Manuals & References — What Chapters Matter

  • DoDD 8140 / DoDM 8140.03 — Cyberspace Workforce Qualification.
    The DoD-wide chart that gates which cyber work roles you can hold and which certifications you must keep to hold them. Read the work-role definitions your billet maps to and learn where the baseline cert sits — the LCPO checks the chart against your cert sheet at position turnover, and an operator out of 8140 compliance does not sit the seat. Pull the current edition; the framework has been actively revised.
  • SECNAVINST 5239 series — Department of the Navy Cybersecurity / IA Program.
    The umbrella every Navy cyber regulation inherits from. You are not expected to quote chapter and verse at CWTSN, but you are expected to know it is the parent document and to operate inside it. Pull the current version from the Navy Doctrine Library before quoting it — the copy on your team's share is usually stale.
  • US Cyber Command Cyber Mission Force work-role / qualification standards.
    The joint training-and-certification framework the Cyber Mission Force runs to — the spine your work-role qualification track is built on. Verify the current standard; the rating and its quals are still maturing, so the names and the gates shift between cycles. Know which work role your seat maps to and what the next one up requires.
  • NIST SP 800-series — 800-53 (security and privacy controls), 800-181 (NICE Framework work-role map).
    The parent documents under the DoD cyber workforce structure. NIST 800-181 maps the work roles the 8140 framework gates; 800-53 is the controls catalog under every accreditation your team operates inside. You are working inside this stack at the apprentice tier, not writing it — but the CWT3 BIB will quote it back to you.
  • NAVPERS 18068 series — the Navy Enlisted Classification (NEC) catalog.
    Read the cyber NEC entries before you fall in love with a code, and pull the current source-rating NAVADMIN alongside it because this rating's codes are still moving. The NEC you stack shapes the rest of your career and the post-service market; the wrong read at CWTSN sends you toward a packet that does not exist anymore.
  • SECNAV / OPNAV personnel-security guidance and the SF-86 / e-QIP process.
    Your clearance is your career — learn the rules that keep it. Know what is reportable (foreign contacts, foreign travel, financial problems, certain associations), the timelines for reporting it, and the continuous-evaluation regime you now live under. The clearance dies of neglected reporting far more often than of any single dramatic act.

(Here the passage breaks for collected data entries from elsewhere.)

(* Where f - g vanishes with nonzero slope its zero is isolated, so the
   exceptional set is countable. *)
Lemma ae_eq_derive (f g : R -> R) :
  {ae (@lebesgue_measure R), forall t, derivable f t 1 -> derivable g t 1 ->
     f t = g t -> 'D_1 f t = 'D_1 g t}.
Proof.
set B := [set t | [/\ derivable f t 1, derivable g t 1, f t = g t & 'D_1 f t != 'D_1 g t]].
have isoB t : B t -> exists2 e : R, 0 < e & forall s, B s -> `|s - t| < e -> s = t.
  case=> df dg fg Dfg.
  have [|||e e0 iso_t] := @derivable_isolated_root (f \- g) t.
  - exact: derivableB.
  - by rewrite /= fg subrr.
  - by rewrite deriveB // subr_eq0.
  by exists e => // s [_ _ fgs _] st; apply: iso_t => //=; rewrite fgs subrr.
exists B; split.
- by apply: countable_measurable; [exact: measurable_set1 | exact: countable_isolated].
- by apply: countable_lebesgue_measure0; exact: countable_isolated.
- move=> t /=; apply: contra_notP => notB df dg fg.
  by apply: contra_notP notB => /eqP Dfg.
Qed.

Definition equal_slopes {I : finType} (N : {set I}) (x : R -> I -> R) (t : R) :=
  forall i j, i \in N -> j \in N -> x t i = x t j -> 'D_1 (x^~ i) t = 'D_1 (x^~ j) t.

Lemma ae_equal_slopes {I : finType} (N : {set I}) (x : R -> I -> R) :
  {ae (@lebesgue_measure R), forall t,
     (forall i, i \in N -> derivable (x^~ i) t 1) -> equal_slopes N x t}.
Proof.
have pairs_ae : {ae (@lebesgue_measure R), forall t, forall i j : I,
    derivable (x^~ i) t 1 -> derivable (x^~ j) t 1 ->
    x t i = x t j -> 'D_1 (x^~ i) t = 'D_1 (x^~ j) t}.
  by do 2 apply: (filter_forall (ae_filter_ringOfSetsType _)) => ?; exact: ae_eq_derive.
apply: (filterS (F := almost_everywhere (@lebesgue_measure R))) pairs_ae.
by move=> t pairs_t dx i j iN jN; apply: pairs_t; apply: dx.
Qed.

End IsolatedPoints.

Section DerivativeOfMax.
Context {R : realType}.
Local Open Scope classical_set_scope.
Local Open Scope ring_scope.

Lemma derivable_flat (e : R -> R) t : e t = 0 ->
  (forall eps, 0 < eps -> \forall u \near 0^', `|e (u + t)| <= eps * `|u|) ->
  derivable e t 1 /\ 'D_1 e t = 0.
Proof.
move=> et0 flat.
have quot0 : (fun u : R => u^-1 *: ((e \o shift t) (u *: 1) - e t)) @ 0^' --> 0.
  apply/cvgrPdist_le => eps eps0; move: (flat _ eps0); apply: filter_app; near=> u => eu.
  rewrite /shift /= scaler1 et0 subr0 sub0r normrN normrZ normfV.
  have [->|u0] := eqVneq u 0; first by rewrite normr0 invr0 mul0r ltW.
  by rewrite mulrC ler_pdivrMr ?normr_gt0.
by split; [apply/cvg_ex; exists 0 | apply: cvg_lim].
Unshelve. all: by end_near.
Qed.

Lemma near_below_slope (g : R -> R) t eps : 0 < eps -> derivable g t 1 ->
  g t < 0 \/ g t = 0 /\ 'D_1 g t = 0 ->
  \forall u \near 0^', g (u + t) <= eps * `|u|.
Proof.
move=> eps0 dg [gt0|[gt0 Dg0]].
  have : g @ t --> g t by apply: differentiable_continuous; apply/derivable1_diffP.
  move/cvgr_lt => /(_ 0 gt0) /nbhs_normP[d d0 near_t].
  rewrite near_withinE; apply/nbhs_normP; exists d => // u /= ud _.
  have := near_t (u + t); rewrite /= distrC addrK.
  move: ud; rewrite distrC subr0 => ud /(_ ud) /ltW gut_le0.
  by apply: le_trans gut_le0 _; exact: mulr_ge0 (ltW eps0) (normr_ge0 _).
have : (fun u : R => u^-1 *: ((g \o shift t) (u *: 1) - g t)) @ 0^' --> 'D_1 g t := dg.
move/cvgrPdist_le => /(_ eps eps0); apply: filter_app; near=> u => quot_u.
have [->|u0] := eqVneq u 0; first by rewrite add0r gt0 normr0 mulr0.
move: quot_u; rewrite Dg0 sub0r normrN /shift /= scaler1 gt0 subr0.
rewrite normrZ normfV ler_pdivrMl ?normr_gt0 // => gu_le.
by apply: le_trans (ler_norm _) _; rewrite mulrC.
Unshelve. all: by end_near.
Qed.
Lemma key_setD1 y z w e : val w = val y :\ e -> e \in val y -> e \notin val z ->
  key w z = ((#|val y|.-1, #|val z|),
     (#|x0 m :&: val y| - (e \in x0 m), #|x0 m :&: val z|, #|val y :&: val z|,
      #|x0 m :&: val y :&: val z|))%N.
Proof.
move=> wE ey ez.
have cyz : #|(val y :\ e) :&: val z| = #|val y :&: val z|.
  by rewrite setIC [in RHS]setIC (card_setD1I (val z) ey) (negbTE ez).
have cx0yz : #|x0 m :&: (val y :\ e) :&: val z| = #|x0 m :&: val y :&: val z|.
  by rewrite setIAC [in RHS]setIAC (card_setD1I (x0 m :&: val z) ey) inE (negbTE ez) andbF.
by rewrite /key /rho wE (cardsD1 e (val y)) ey (card_setD1I (x0 m) ey) addKn cyz cx0yz.
Qed.

Lemma witness_up y0 z0 w0 e0 P : #|val y0| = m -> val w0 = e0 |: val y0 ->
  e0 \notin val y0 -> e0 \in val z0 ->
  (e0 \in x0 m) = (#|x0 m :&: val y0 :&: val z0| < #|x0 m :&: val z0|)%N ->
  witness P w0 z0 -> witness (Estar C m (depth (val y0)) *m (A1 C m *m P)) y0 z0.
Proof.
move=> cy0 w0E e0y0 e0z0 e0x0 wP.
have lt0 : (#|val y0 :&: val z0| < #|val z0|)%N.
  apply/proper_card/properP; split; first exact: subsetIr.
  by exists e0; rewrite // inE (negbTE e0y0).
apply: witness_step wP _ _ => [y z|y z w dy yw dw].
  move=> yz0; have [cy ltyz] : #|val y| = m /\ (#|val y :&: val z| < #|val z|)%N.
    by move: yz0; rewrite /key /rho cy0 => -[-> -> _ _ -> _].
  have [e [ez ey ex0]] := ex_in_setD_pref (x0 m) ltyz.
  have inXw : inX m (e |: val y) by rewrite /inX cardsU1 ey cy eqxx orbT.
  exists (Sub (e |: val y) inXw); first by rewrite /adjb properUr ?orbT // sub1set.
  rewrite (key_setU1 (w := Sub _ inXw) (erefl _) ey ez) (key_setU1 w0E) // ex0 e0x0.
  by move: yz0; rewrite /key /rho => -[-> -> -> -> -> ->].
have [cy cx0y] := depth_eq dy; have [cw cx0w] := depth_eq dw.
have syw : val y \subset val w.
  case/orP: yw => [/proper_sub //|/proper_card].
  by rewrite cw cy w0E cardsU1 e0y0 cy0; lia.
have cCw : #|~: x0 m :&: val w| = #|~: x0 m :&: (e0 |: val y0)| by rewrite -w0E (depth_eqC dw).
case/andP=> dom_in dom_out; rewrite w0E in cx0w dom_in dom_out.
by rewrite /dominates (leq_cardI_setU1 e0y0 e0z0 syw cx0w cx0y dom_in)
  (leq_cardI_setU1 e0y0 e0z0 syw cCw (depth_eqC dy) dom_out).
Qed.

Lemma witness_down y0 z0 w0 e0 P : #|val y0| = m.+1 -> val w0 = val y0 :\ e0 ->
  e0 \in val y0 -> e0 \notin val z0 ->
  (e0 \in x0 m) = (#|x0 m :&: val y0 :&: val z0| < #|x0 m :&: val y0|)%N ->
  witness P w0 z0 -> witness (Estar C m (depth (val y0)) *m (A1 C m *m P)) y0 z0.
Proof.
move=> cy0 w0E e0y0 e0z0 e0x0 wP.
have lt0 : (#|val y0 :&: val z0| < #|val y0|)%N.
  apply/proper_card/properP; split; first exact: subsetIl.
  by exists e0; rewrite // inE (negbTE e0z0) andbF.
apply: witness_step wP _ _ => [y z|y z w dy yw dw].
  move=> yz0; have [cy ltyz] : #|val y| = m.+1 /\ (#|val y :&: val z| < #|val y|)%N.
    by move: yz0; rewrite /key /rho -cy0 => -[-> _ _ _ -> _].
  rewrite setIC in ltyz; have [e [ey ez ex0]] := ex_in_setD_pref (x0 m) ltyz.
  have cyD : #|val y :\ e| = m by have := cardsD1 e (val y); rewrite ey cy; lia.
  have inXw : inX m (val y :\ e) by rewrite /inX cyD eqxx.
  exists (Sub (val y :\ e) inXw); first by rewrite /adjb properD1 ?orbT.
  rewrite (key_setD1 (w := Sub _ inXw) (erefl _) ey ez) (key_setD1 w0E) // ex0 e0x0.
  rewrite !(setIAC _ (val z)).
  by move: yz0; rewrite /key /rho => -[-> -> -> -> -> ->].
have [cy _] := depth_eq dy; have [cw _] := depth_eq dw.
have swy : val w \subset val y.
  case/orP: yw => [/proper_card|/proper_sub //].
  by rewrite cw cy w0E cy0; have := cardsD1 e0 (val y0); rewrite e0y0 cy0; lia.
case/andP=> dom_in dom_out; rewrite w0E in dom_in dom_out.
by rewrite /dominates (leq_cardI_setD1 e0z0 swy dom_in) (leq_cardI_setD1 e0z0 swy dom_out).
Qed.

Standards — How to Hit Each

  • TS/SCI clearance adjudicated and a CI polygraph completed — without it you do not have a job in this rating.
    Anything that delays the investigation delays everything, so do your part fast and clean: submit a complete, honest SF-86, respond to investigator and security-office requests the same week, and never give the adjudicator a reason to dig. Disclose the awkward thing up front. If a financial or personal issue is brewing, get ahead of it with your security manager before continuous evaluation flags it — the proactive disclosure is survivable; the surprise flag is the one that holds up the seat.
  • Baseline DoD 8140 cyber-workforce certification earned by the timeline your billet sets.
    Navy COOL pays the voucher. Pull the current exam objectives the same week you check aboard, build a 60-90 minute daily study log the LPO can read, and sit the exam before your billet's timeline closes. The team will not slot you on the position without it; the CWTSN with the baseline on the sheet early is the one slotted first when the C-school or follow-on work-role message drops.
  • All NWAE-eligible PQS and foundational work-role quals signed off on the LCPO's timeline.
    Walk the PQS book to your LPO the week you check aboard, get the qualification sequence, and drill line items with the CWT3 or CWT2 assigned to qual-sign you. Never ask for a sign-off you cannot demonstrate cold. The CWTSN who walks into the CWT3 NWAE with PQS unfinished is the one the LCPO defends with a caveat — and FMS reads the caveat against you.
  • PRT Good Low or higher; BCA in standard.
    Cyber is a clearance-and-keyboard rating, but the Navy still runs the Physical Readiness Test under OPNAVINST 6110.1 — train the cycle, do not sprint it the morning of. Build base mileage, work the strength and core events, and stay in BCA standard through chow discipline and the command gym. Falling out is a self-inflicted wound on a record where every other line is clean, and the LCPO does not defend a sharp operator who cannot pass the PRT.
  • Annual cyber-awareness and security-refresher training completed before the deadline, every time.
    Schedule it the same week the notification drops and never let it slip past the deadline. In a rating where a careless lapse is a reportable incident, the annual training is the cheapest compliance you will ever do — and the operator who lets it lapse is the one whose name shows up on a deficiency report instead of a watch bill.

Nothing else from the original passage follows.